Basic structure of EMMA

Early-Modern Multiloquent Authors consists of 50 carefully selected authors across 5 generations. The following graph gives an overview of the corpus distribution.

The EMMA Corpus

Selection criteria included

  • prolific writers: min. 500,000 words/author
  • career & distribution: long career with sufficient material across career stages
  • London-based elite
  • social network information: connections within and across generations
    • religion: Church of England vs Non-Conformists; Quakers
    • politics: Royalists vs Parliamentarians
    • professions: clergy, politicians, dramatists/authors, philosophers, scientists

Genre balance was not a primary criterion. However, the corpus contains considerable amounts of text from the predominant written genres of the 17th century. The following is a table of those genres that are represented by at least 50,000 words in every generation for the first four generations in EMMA phase I.

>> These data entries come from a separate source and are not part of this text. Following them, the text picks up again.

(* If $G$ is a uniformly dense (finite, simple) graph with at least one edge, then its clique number satisfies $\operatorname{cl}(G)\le 2\rho(G)$.
   Context: For $A\subseteq E$, $c(A)$ is the number of components of $(V,A)$, $\operatorname{rank}(A)=|V|-c(A)$, $\rho(A)=|A|/\operatorname{rank}(A)$, $\rho(G)=\rho(E)$; $G$ is uniformly dense if $\rho(A)\le\rho(G)$ for all nonempty $A\subseteq E$. $\operatorname{cl}(G)$ is the largest number of vertices of a clique (pairwise adjacent vertex set). *)

From mathcomp Require Import all_boot all_order all_algebra.
Set Implicit Arguments. Unset Strict Implicit. Unset Printing Implicit Defensive.
Import Order.TTheory GRing.Theory Num.Theory.

(* A finite simple graph: vertex set T (a finType), adjacency e : rel T,
   assumed symmetric and irreflexive in the theorem. Edges are represented
   as 2-element vertex sets [set x; y]. *)

Definition simple_graph (T : finType) (e : rel T) : Prop :=
  symmetric e /\ irreflexive e.

Definition edges (T : finType) (e : rel T) : {set {set T}} :=
  [set [set x; y] | x in T, y in T & e x y].

Definition sub_adj (T : finType) (A : {set {set T}}) : rel T :=
  fun x y => (x != y) && ([set x; y] \in A).

Definition ncomp (T : finType) (A : {set {set T}}) : nat :=
  n_comp (connect (sub_adj A)) T.

Definition grank (T : finType) (A : {set {set T}}) : nat :=
  #|T| - ncomp A.

Definition rho (T : finType) (A : {set {set T}}) : rat :=
  (#|A|%:R / (grank A)%:R)%R.

Definition rhoG (T : finType) (e : rel T) : rat := rho (edges e).

Definition uniformly_dense (T : finType) (e : rel T) : Prop :=
  forall A : {set {set T}}, A \subset edges e -> A != set0 ->
    (rho A <= rhoG e)%R.

Definition is_clique (T : finType) (e : rel T) (K : {set T}) : bool :=
  [forall x in K, forall y in K, (x != y) ==> e x y].

Definition clique_number (T : finType) (e : rel T) : nat :=
  \max_(K : {set T} | is_clique e K) #|K|.

From mathcomp Require Import all_boot all_order all_algebra.
From mathcomp Require Import zify.
Set Implicit Arguments. Unset Strict Implicit. Unset Printing Implicit Defensive.
Import Order.TTheory GRing.Theory Num.Theory.

(* A clique K on k >= 2 vertices spans the edge set of all pairs in K: it has
   'C(k, 2) edges, K is one of its components and every other vertex is
   isolated, so its rank is k - 1 and its density is k / 2.  Uniform density
   bounds this by rho(G); since G has an edge, a largest clique has k >= 2. *)

Lemma connect_idem (T : finType) (r : rel T) : connect (connect r) =2 connect r.
Proof.
by move=> x y; apply/idP/idP; [apply: connect_sub | apply: connect1].
Qed.

Lemma n_comp_one_class (T : finType) (r : rel T) (K : {set T}) :
  K != set0 ->
  (forall x y, connect r x y = (x == y) || (x \in K) && (y \in K)) ->
  n_comp r T = #|~: K|.+1.
Proof.
move=> /set0Pn[x0 x0K] connectE.
have r_sym : connect_sym r.
  by move=> x y; rewrite !connectE eq_sym andbC.
rewrite (n_compC (mem K)) addnC -addn1; congr (_ + _).
- apply: eq_card => x; rewrite !inE /=; apply: andb_idl => xNK.
  by have := connect_root r x; rewrite connectE (negbTE xNK) orbF eq_sym.
- rewrite -(n_comp_connect r_sym x0); apply: eq_n_comp_r => x.
  by rewrite inE connectE x0K /=; case: eqVneq => // <-.
Qed.

Section CliquePairs.

Variables (T : finType) (K : {set T}).

Definition clique_pairs : {set {set T}} :=
  [set B : {set T} | B \subset K & #|B| == 2].

Lemma card_clique_pairs : #|clique_pairs| = 'C(#|K|, 2).
Proof. exact: cards_draws. Qed.

Lemma sub_adj_clique_pairs x y :
  sub_adj clique_pairs x y = [&& x != y, x \in K & y \in K].
Proof.
rewrite /sub_adj inE subUset !sub1set cards2.
by case: eqVneq; rewrite ?andbT ?andbF.
Qed.

Lemma connect_clique_pairs x y :
  connect (sub_adj clique_pairs) x y = (x == y) || (x \in K) && (y \in K).
Proof.
apply/idP/idP.
- case/connectP=> p; elim: p x => [|z p IHp] x /=; first by move=> _ ->; rewrite eqxx.
  rewrite sub_adj_clique_pairs => /andP[/and3P[_ xK zK] zp] y_last.
  case/orP: (IHp z zp y_last) => [/eqP <-|/andP[_ ->]]; by rewrite xK ?zK orbT.
- case/orP=> [/eqP -> | /andP[xK yK]]; first exact: connect0.
  case: (eqVneq x y) => [-> | xy]; first exact: connect0.
  by apply: connect1; rewrite sub_adj_clique_pairs xy xK yK.
Qed.

Lemma grank_clique_pairs : K != set0 -> grank clique_pairs = #|K|.-1.
Proof.
move=> K0; rewrite /grank /ncomp (eq_n_comp (connect_idem _)).
rewrite (n_comp_one_class K0 connect_clique_pairs) -(cardsC K).
by rewrite subnS addnK.
Qed.

Lemma rho_clique_pairs : 1 < #|K| -> rho clique_pairs = (#|K|%:R / 2)%R.
Proof.
move=> K2; have K0 : K != set0 by rewrite -card_gt0; lia.
have bin2E : ('C(#|K|, 2) * 2 = #|K| * #|K|.-1)%N.
  by rewrite mulnC -(mul_bin_diag _ 1) bin1.
have K1 : ((#|K|.-1)%:R != 0 :> rat)%R by rewrite pnatr_eq0; lia.
rewrite /rho grank_clique_pairs // card_clique_pairs.
apply: (canLR (mulfK K1)); rewrite mulrAC -natrM -bin2E natrM.
by rewrite mulfK.
Qed.

End CliquePairs.

Lemma clique_pairs_sub_edges (T : finType) (e : rel T) (K : {set T}) :
  is_clique e K -> clique_pairs K \subset edges e.
Proof.
move=> /forallP clK; apply/subsetP => B.
rewrite inE => /andP[BK /cards2P[x [y [xy BE]]]].
move: BK; rewrite BE subUset !sub1set => /andP[xK yK].
apply/imset2P; exists x y; rewrite ?inE //.
by move: (clK x); rewrite xK => /forall_inP/(_ y yK)/implyP; apply.
Qed.

Lemma clique_card_le_rhoG (T : finType) (e : rel T) (K : {set T}) :
  uniformly_dense e -> is_clique e K -> 1 < #|K| ->
  (#|K|%:R <= 2 * rhoG e :> rat)%R.
Proof.
move=> dense clK K2.
have pairs0 : clique_pairs K != set0.
  by rewrite -card_gt0 card_clique_pairs bin_gt0.
have := dense _ (clique_pairs_sub_edges clK) pairs0.
rewrite rho_clique_pairs // => le_rho.
by rewrite -ler_pdivrMl // mulrC.
Qed.

Lemma edge_is_clique (T : finType) (e : rel T) x y :
  symmetric e -> e x y -> is_clique e [set x; y].
Proof.
move=> e_sym exy; apply/forall_inP => a aE; apply/forall_inP => b bE.
apply/implyP; move: aE bE; rewrite !inE.
by do 2 case/orP=> /eqP ->; rewrite ?eqxx // e_sym.
Qed.

Lemma clique_number_attained (T : finType) (e : rel T) :
  exists2 K : {set T}, is_clique e K & #|K| = clique_number e.
Proof.
have cl0 : is_clique e set0 by apply/forall_inP => x; rewrite inE.
rewrite /clique_number (bigop.bigmax_eq_arg set0) //.
by case: arg_maxnP => // K clK _; exists K.
Qed.

Lemma leq_clique_number (T : finType) (e : rel T) (K : {set T}) :
  is_clique e K -> #|K| <= clique_number e.
Proof. exact: bigop.leq_bigmax_cond. Qed.

Theorem proposition3p7 (T : finType) (e : rel T) :
  simple_graph e ->
  edges e != set0 ->
  uniformly_dense e ->
  ((clique_number e)%:R <= 2 * rhoG e :> rat)%R.
Proof.
move=> [e_sym e_irr] /set0Pn[_ /imset2P[x y _]] /[!inE] exy _ dense.
have xy : x != y by apply: contraTneq exy => ->; rewrite e_irr.
have two_le_cl : 1 < clique_number e.
  by have := leq_clique_number (edge_is_clique e_sym exy); rewrite cards2 xy.
have [K clK card_K] := clique_number_attained e.
by rewrite -card_K (clique_card_le_rhoG dense clK) ?card_K.
Qed.
(* Let $(M,\pi)$ be a partial $H$-module and write $h\cdot m=\pi(h)(m)$. (a) The global core of $M$ is $$c(M)=\{m\in M : g\cdot(h\cdot m)=(gh)\cdot m \text{ for all } g,h\in H\},$$ and $c$ defines a functor ${}_H\mathcal M^{par}\to{}_H\mathcal M$ that is right adjoint to the inclusion functor $i:{}_H\mathcal M\to{}_H\mathcal M^{par}$. (b) The global shadow of $M$ is $s(M)=M/N$, where $N$ is the partial $H$-submodule of $M$ generated by all elements $h\cdot(g\cdot m)-(hg)\cdot m$ with $h,g\in H$, $m\in M$. Moreover $s$ defines a functor ${}_H\mathcal M^{par}\to{}_H\mathcal M$ that is left adjoint to $i$.
   Context: Throughout, $k$ is a field and $H$ is a Hopf algebra over $k$ with bijective antipode $S$ and Sweedler notation $\Delta(h)=h_{(1)}\otimes h_{(2)}$. A partial $H$-module is a vector space $M$ with a linear map $\pi:H\to\mathrm{End}_k(M)$ satisfying, for all $h,k\in H$: - $\pi(1_H)=\mathrm{id}$; - $\pi(h)\pi(k_{(1)})\pi(S(k_{(2)}))=\pi(hk_{(1)})\pi(S(k_{(2)}))$; - $\pi(h_{(1)})\pi(S(h_{(2)}))\pi(k)=\pi(h_{(1)})\pi(S(h_{(2)})k)$; - $\pi(h)\pi(S(k_{(1)}))\pi(k_{(2)})=\pi(hS(k_{(1)}))\pi(k_{(2)})$; - $\pi(S(h_{(1)}))\pi(h_{(2)})\pi(k)=\pi(S(h_{(1)}))\pi(h_{(2)}k)$. Morphisms of partial $H$-modules are linear maps commuting with the $\pi(h)$; they form the category ${}_H\mathcal M^{par}$. A partial submodule is a subspace stable under all $\pi(h)$. Every left $H$-module $M$ (action $\triangleright$) is a partial $H$-module via $\pi(h)(m)=h\triangleright m$. This gives the inclusion functor $i:{}_H\mathcal M\to{}_H\mathcal M^{par}$. A partial $H$-module is called global if $\pi$ is an algebra morphism, i.e. it lies in the image of $i$. The global core of $M$ is the largest partial submodule of $M$ that is global. The global shadow is the largest quotient of $M$ (by a partial submodule) that is global. *)

From HB Require Import structures.
From mathcomp Require Import all_boot all_order all_algebra.
Set Implicit Arguments. Unset Strict Implicit. Unset Printing Implicit Defensive.
Import GRing.Theory.
Local Open Scope ring_scope.
(* Let $x,v$ be positive integers with $xv\ge2$. Let $\lambda=(x,\dots,x)$ with $x$ occurring $v$ times and $\lambda'=(v,\dots,v)$ with $v$ occurring $x$ times. Then the posets $P(\lambda)$ and $P(\lambda')$ are isomorphic.
   Context: For a vector $\mu=(\mu_1,\dots,\mu_d)$ of positive integers with sum $n\ge2$, $\Delta_\mu=\mathrm{conv}(e_1,\dots,e_d,\mu)\subset\mathbb{R}^d$ has fundamental parallelepiped $\Pi_\mu=\{\sum_{i=1}^d\gamma_i(1,e_i)+\gamma_{d+1}(1,\mu):0\le\gamma_i<1\}\subset\mathbb{R}^{d+1}$. $P(\mu)$ is the set $\Pi_\mu\cap\mathbb{Z}^{d+1}$ ordered by $\sigma\preceq\tau$ iff $\tau-\sigma\in\Pi_\mu\cap\mathbb{Z}^{d+1}$. *)

From mathcomp Require Import all_boot all_order all_algebra.
Unset Strict Implicit. Unset Printing Implicit Defensive.
Import Order.TTheory GRing.Theory Num.Theory.
Local Open Scope ring_scope.

(* mu = (mu_1,...,mu_d) is a seq nat with d = size mu.  Points of Z^{d+1} are
   row vectors 'rV[int]_(d.+1); coordinate 0 is the leading "1" coordinate,
   coordinate k (1 <= k <= d) is the k-th coordinate of R^d. *)

(* gen mu j k : k-th coordinate of the j-th generator of Pi_mu,
   generator j (j < d) is (1, e_{j+1}); generator d is (1, mu). *)
Definition gen (mu : seq nat) (j k : nat) : rat :=
  if k == 0%N then 1
  else if (j < size mu)%N then ((j.+1 == k) : nat)%:R
  else (nth 0%N mu k.-1)%:R.

Definition inPi (mu : seq nat) (p : 'rV[int]_(size mu).+1) : Prop :=
  exists gam : 'I_(size mu).+1 -> rat,
    (forall j, 0 <= gam j /\ gam j < 1) /\
    forall k : 'I_(size mu).+1,
      (p ord0 k)%:~R = \sum_(j < (size mu).+1) gam j * gen mu j k.

Definition Pset (mu : seq nat) (p : 'rV[int]_(size mu).+1) : Prop := inPi mu p.

Definition Ple (mu : seq nat) (s t : 'rV[int]_(size mu).+1) : Prop :=
  inPi mu (t - s).

Definition poset_iso {T U : Type} (A : T -> Prop) (leA : T -> T -> Prop)
  (B : U -> Prop) (leB : U -> U -> Prop) : Prop :=
  exists (f : T -> U) (g : U -> T),
    (forall a, A a -> B (f a)) /\ (forall b, B b -> A (g b)) /\
    (forall a, A a -> g (f a) = a) /\ (forall b, B b -> f (g b) = b) /\
    (forall a1 a2, A a1 -> A a2 -> (leA a1 a2 <-> leB (f a1) (f a2))).

Definition Piso (mu nu : seq nat) : Prop :=
  poset_iso (Pset mu) (@Ple mu) (Pset nu) (@Ple nu).

From mathcomp Require Import all_boot all_order all_algebra.
From mathcomp Require Import ring lra zify.
Import GRing.Theory Num.Theory.
Local Open Scope ring_scope.

(* For mu = (a,...,a) with d entries, write a point of Pi_mu as
   sum_i g_i (1, e_i) + t (1, mu).  If it is a lattice point, the coordinates
   g_i + a t are integers with |g_i - g_j| < 1, so all g_i equal some g and the
   point is determined by its height h = d g + t and common coordinate
   c = g + a t.  Solving, with N = d a - 1, gives t = (d c - h) / N and
   g = (a h - c) / N, so P(mu) is {(h, c) | 0 <= d c - h < N, 0 <= a h - c < N}.
   This description is invariant under (d, a, h, c) |-> (a, d, c, h), and
   exchanging height and common coordinate is additive, hence an isomorphism
   of posets P(a^d) ~ P(d^a). *)

Definition height {n} (p : 'rV[int]_n.+1) : int := p ord0 ord0.
(* Meaningful only for n > 0: for n = 0, [inord 1] is [ord0]. *)
Definition base {n} (p : 'rV[int]_n.+1) : int := p ord0 (inord 1).

Definition tail_const {n} (p : 'rV[int]_n.+1) : Prop :=
  forall j : 'I_n, p ord0 (lift ord0 j) = base p.

Definition window (d a : nat) (h c : int) : bool :=
  (0 <= d%:Z * c - h < (d * a)%N%:Z - 1) && (0 <= a%:Z * h - c < (d * a)%N%:Z - 1).

Lemma window_sym d a h c : window d a h c = window a d c h.
Proof. by rewrite /window mulnC andbC. Qed.

Lemma int_range_frac (z n : int) :
  0 < n -> (0 <= z < n) = (0 <= (z%:~R / n%:~R : rat) < 1).
Proof.
move=> n_gt0; have n_gt0' : 0 < n%:~R :> rat by rewrite ltr0z.
by rewrite pmulr_lge0 ?invr_gt0 // ltr_pdivrMr // mul1r ler0z ltr_int.
Qed.

Lemma eq_int_frac {m n : int} {x y : rat} :
  0 <= x < 1 -> 0 <= y < 1 -> m%:~R - x = n%:~R - y -> m = n.
Proof.
move=> /andP[x0 x1] /andP[y0 y1] e.
have lt1 : (m - n)%:~R < 1%:~R :> rat by rewrite intrB; lra.
have gtN1 : (-1)%:~R < (m - n)%:~R :> rat by rewrite intrB; lra.
rewrite ltr_int in lt1; rewrite ltr_int in gtN1; lia.
Qed.

Lemma height_base_coeffsE {d a h c t g : rat} : d * a - 1 != 0 ->
  (c = g + a * t /\ h = d * g + t) <->
  (t = (d * c - h) / (d * a - 1) /\ g = (a * h - c) / (d * a - 1)).
Proof. by move=> N_neq0; split=> -[-> ->]; split; field. Qed.

Section ConstantVector.

Context {a : nat} {mu : seq nat}.
Hypotheses (mu_const : all (pred1 a) mu) (mu_big : (2 <= size mu * a)%N).
Local Notation d := (size mu).
Local Notation N := ((d * a)%N%:Z - 1).

Lemma size_gt0 : (0 < d)%N.
Proof. by move: mu_big; case: (d). Qed.

Lemma gen_sum_height (gam : 'I_d.+1 -> rat) :
  \sum_(j < d.+1) gam j * gen mu j 0 =
  \sum_(j < d) gam (widen_ord (leqnSn d) j) + gam ord_max.
Proof. by rewrite big_ord_recr /= mulr1; under eq_bigr do rewrite mulr1. Qed.

Lemma gen_sum_lift (gam : 'I_d.+1 -> rat) (i : 'I_d) :
  \sum_(j < d.+1) gam j * gen mu j (lift ord0 i) =
  gam (widen_ord (leqnSn d) i) + gam ord_max * a%:R.
Proof.
have /all_nthP nth_a := mu_const.
rewrite big_ord_recr /gen /= ltnn (eqP (nth_a 0%N i (ltn_ord i))).
rewrite (bigD1 i) //= ltn_ord eqxx mulr1 big1 ?addr0 // => j /negbTE ji.
by rewrite ltn_ord eqSS val_eqE ji mulr0.
Qed.

Lemma N_rat : N%:~R = d%:R * a%:R - 1 :> rat.
Proof. by rewrite intrB -natrM. Qed.

Lemma N_gt0 : 0 < N.
Proof. lia. Qed.

Lemma inPi_window p : inPi mu p -> tail_const p /\ window d a (height p) (base p).
Proof.
case=> gam [gam01 gamE].
have {}gam01 j : 0 <= gam j < 1 by case: (gam01 j) => -> ->.
pose i0 : 'I_d := Ordinal size_gt0.
have base_i0 : base p = p ord0 (lift ord0 i0).
  rewrite /base (_ : inord 1 = lift ord0 i0) //.
  by apply: val_inj; rewrite /= inordK // ltnS size_gt0.
set t := gam ord_max; set g := gam (widen_ord (leqnSn d) i0).
have tailE (i : 'I_d) :
    (p ord0 (lift ord0 i))%:~R - gam (widen_ord (leqnSn d) i) = a%:R * t.
  by rewrite gamE gen_sum_lift addrC addKr mulrC.
have tail_p : tail_const p.
  move=> i; rewrite base_i0.
  apply: (eq_int_frac (gam01 (widen_ord _ i)) (gam01 (widen_ord _ i0))).
  by rewrite !tailE.
have gamE' (i : 'I_d) : gam (widen_ord (leqnSn d) i) = g.
  by have := tailE i; rewrite tail_p base_i0 -(tailE i0) /g; lra.
have hE : (height p)%:~R = d%:R * g + t.
  rewrite gamE gen_sum_height (eq_bigr _ (fun i _ => gamE' i)).
  by rewrite sumr_const card_ord mulr_natl.
have cE : (base p)%:~R = g + a%:R * t.
  by rewrite base_i0 -(tailE i0) addrC subrK.
have N_neq0 : d%:R * a%:R - 1 != 0 :> rat by rewrite -N_rat intr_eq0 lt0r_neq0 ?N_gt0.
have [tE gE] := (height_base_coeffsE N_neq0).1 (conj cE hE).
split=> //; rewrite /window !int_range_frac ?N_gt0 //.
rewrite N_rat !intrB !intrM -tE -gE.
by move: (gam01 ord_max) (gam01 (widen_ord (leqnSn d) i0)) => -> /andP[-> ->].
Qed.

Lemma window_inPi p : tail_const p -> window d a (height p) (base p) -> inPi mu p.
Proof.
move=> tail_p /andP[t01 g01].
have N_neq0 : d%:R * a%:R - 1 != 0 :> rat by rewrite -N_rat intr_eq0 lt0r_neq0 ?N_gt0.
pose t : rat := (d%:Z * base p - height p)%:~R / N%:~R.
pose g : rat := (a%:Z * height p - base p)%:~R / N%:~R.
rewrite int_range_frac ?N_gt0 // -/t in t01.
rewrite int_range_frac ?N_gt0 // -/g in g01.
have [cE hE] : (base p)%:~R = g + a%:R * t /\ (height p)%:~R = d%:R * g + t.
  by apply/(height_base_coeffsE N_neq0); rewrite /t /g N_rat !intrB !intrM.
exists (fun j => if j == ord_max then t else g); split.
  by move=> j; case: eqP => _; [move: t01 | move: g01] => /andP[-> ->].
move=> k; case: (unliftP ord0 k) => [j ->|->].
  rewrite gen_sum_lift eqxx -(inj_eq val_inj) /= ltn_eqF //.
  by rewrite tail_p cE mulrC.
rewrite gen_sum_height eqxx.
under eq_bigr => j _ do rewrite -(inj_eq val_inj) /= ltn_eqF //.
by rewrite sumr_const card_ord -mulr_natl -hE.
Qed.

Lemma inPi_tail_const p : inPi mu p -> tail_const p.
Proof. by case/inPi_window. Qed.

Lemma inPi_windowE p : inPi mu p <-> tail_const p /\ window d a (height p) (base p).
Proof. by split=> [/inPi_window | [/window_inPi]]. Qed.

End ConstantVector.

Definition swap_row {n} m (p : 'rV[int]_n.+1) : 'rV[int]_m.+1 :=
  \row_k if k == ord0 then base p else height p.

Section SwapRow.

Context {n m : nat}.
Implicit Types p q : 'rV[int]_n.+1.

Lemma swap_rowB p q : swap_row m (q - p) = swap_row m q - swap_row m p.
Proof. by apply/rowP => k; rewrite !mxE /base /height !mxE; case: ifP. Qed.

Lemma tail_constB p q : tail_const p -> tail_const q -> tail_const (q - p).
Proof. by move=> tail_p tail_q j; rewrite /base !mxE tail_p tail_q. Qed.

Lemma height_swap p : height (swap_row m p) = base p.
Proof. by rewrite /height mxE eqxx. Qed.

Hypothesis m_gt0 : (0 < m)%N.

Lemma base_swap p : base (swap_row m p) = height p.
Proof. by rewrite /base mxE -(inj_eq val_inj) /= inordK. Qed.

Lemma tail_const_swap p : tail_const (swap_row m p).
Proof. by move=> j; rewrite base_swap mxE. Qed.

Lemma swap_rowK p : tail_const p -> swap_row n (swap_row m p) = p.
Proof.
move=> tail_p; apply/rowP => k; rewrite mxE.
by case: (unliftP ord0 k) => [j ->|->] /=; rewrite ?base_swap ?height_swap ?tail_p.
Qed.

End SwapRow.

Lemma inPi_swap {d a : nat} {p : 'rV[int]_(size (nseq d a)).+1} :
  (2 <= d * a)%N -> tail_const p ->
  inPi (nseq a d) (swap_row _ p) <-> inPi (nseq d a) p.
Proof.
move=> da_big tail_p.
have big_a : (2 <= size (nseq d a) * a)%N by rewrite size_nseq.
have big_d : (2 <= size (nseq a d) * d)%N by rewrite size_nseq mulnC.
have size_gt0_ad : (0 < size (nseq a d))%N by apply: size_gt0 big_d.
rewrite (inPi_windowE (all_pred1_nseq _ _) big_a).
rewrite (inPi_windowE (all_pred1_nseq _ _) big_d).
rewrite base_swap // height_swap window_sym.
have -> : window d (size (nseq a d)) = window (size (nseq d a)) a by rewrite !size_nseq.
by split=> -[_ w]; split=> //; apply: tail_const_swap.
Qed.

Theorem corollary4p2 (x v : nat) (hx : (0 < x)%N) (hv : (0 < v)%N)
  (hxv : (2 <= x * v)%N) :
  Piso (nseq v x) (nseq x v).
Proof.
have hvx : (2 <= v * x)%N by rewrite mulnC.
have tail_v p : inPi (nseq v x) p -> tail_const p.
  by apply: (inPi_tail_const (all_pred1_nseq _ _)); rewrite size_nseq.
have tail_x q : inPi (nseq x v) q -> tail_const q.
  by apply: (inPi_tail_const (all_pred1_nseq _ _)); rewrite size_nseq.
have sv : (0 < size (nseq v x))%N by rewrite size_nseq.
have sx : (0 < size (nseq x v))%N by rewrite size_nseq.
exists (swap_row _), (swap_row _); rewrite /Pset /Ple.
split; [|split; [|split; [|split]]].
- by move=> p Pp; apply/(inPi_swap hvx (tail_v p Pp)).
- by move=> q Pq; apply/(inPi_swap hxv (tail_x q Pq)).
- by move=> p /tail_v; apply: swap_rowK.
- by move=> q /tail_x; apply: swap_rowK.
- move=> p1 p2 /tail_v t1 /tail_v t2.
  by rewrite -swap_rowB; apply: iff_sym; exact: inPi_swap hvx (tail_constB _ _ t1 t2).
Qed.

Generation 1 Generation 2 Generation 3 Generation 4
biography 261633 181488 555232 142332
dialogue 445454 71760 350166 513010
drama 502288 719778 865389 700749
fiction 125605 484891 308529 400477
letters 1106451 475776 1297755 1034385
poetry 585063 286585 184920 341774
prose 23425330 4545774 13417412 2588806
science 1359196 1518364 2645128 212332
sermons 1596864 1579549 3023848 1348144
other genres 4811100 1217321 1152164 2844147

A more detailed description of the corpus is being prepared for submission to the ICAME journal.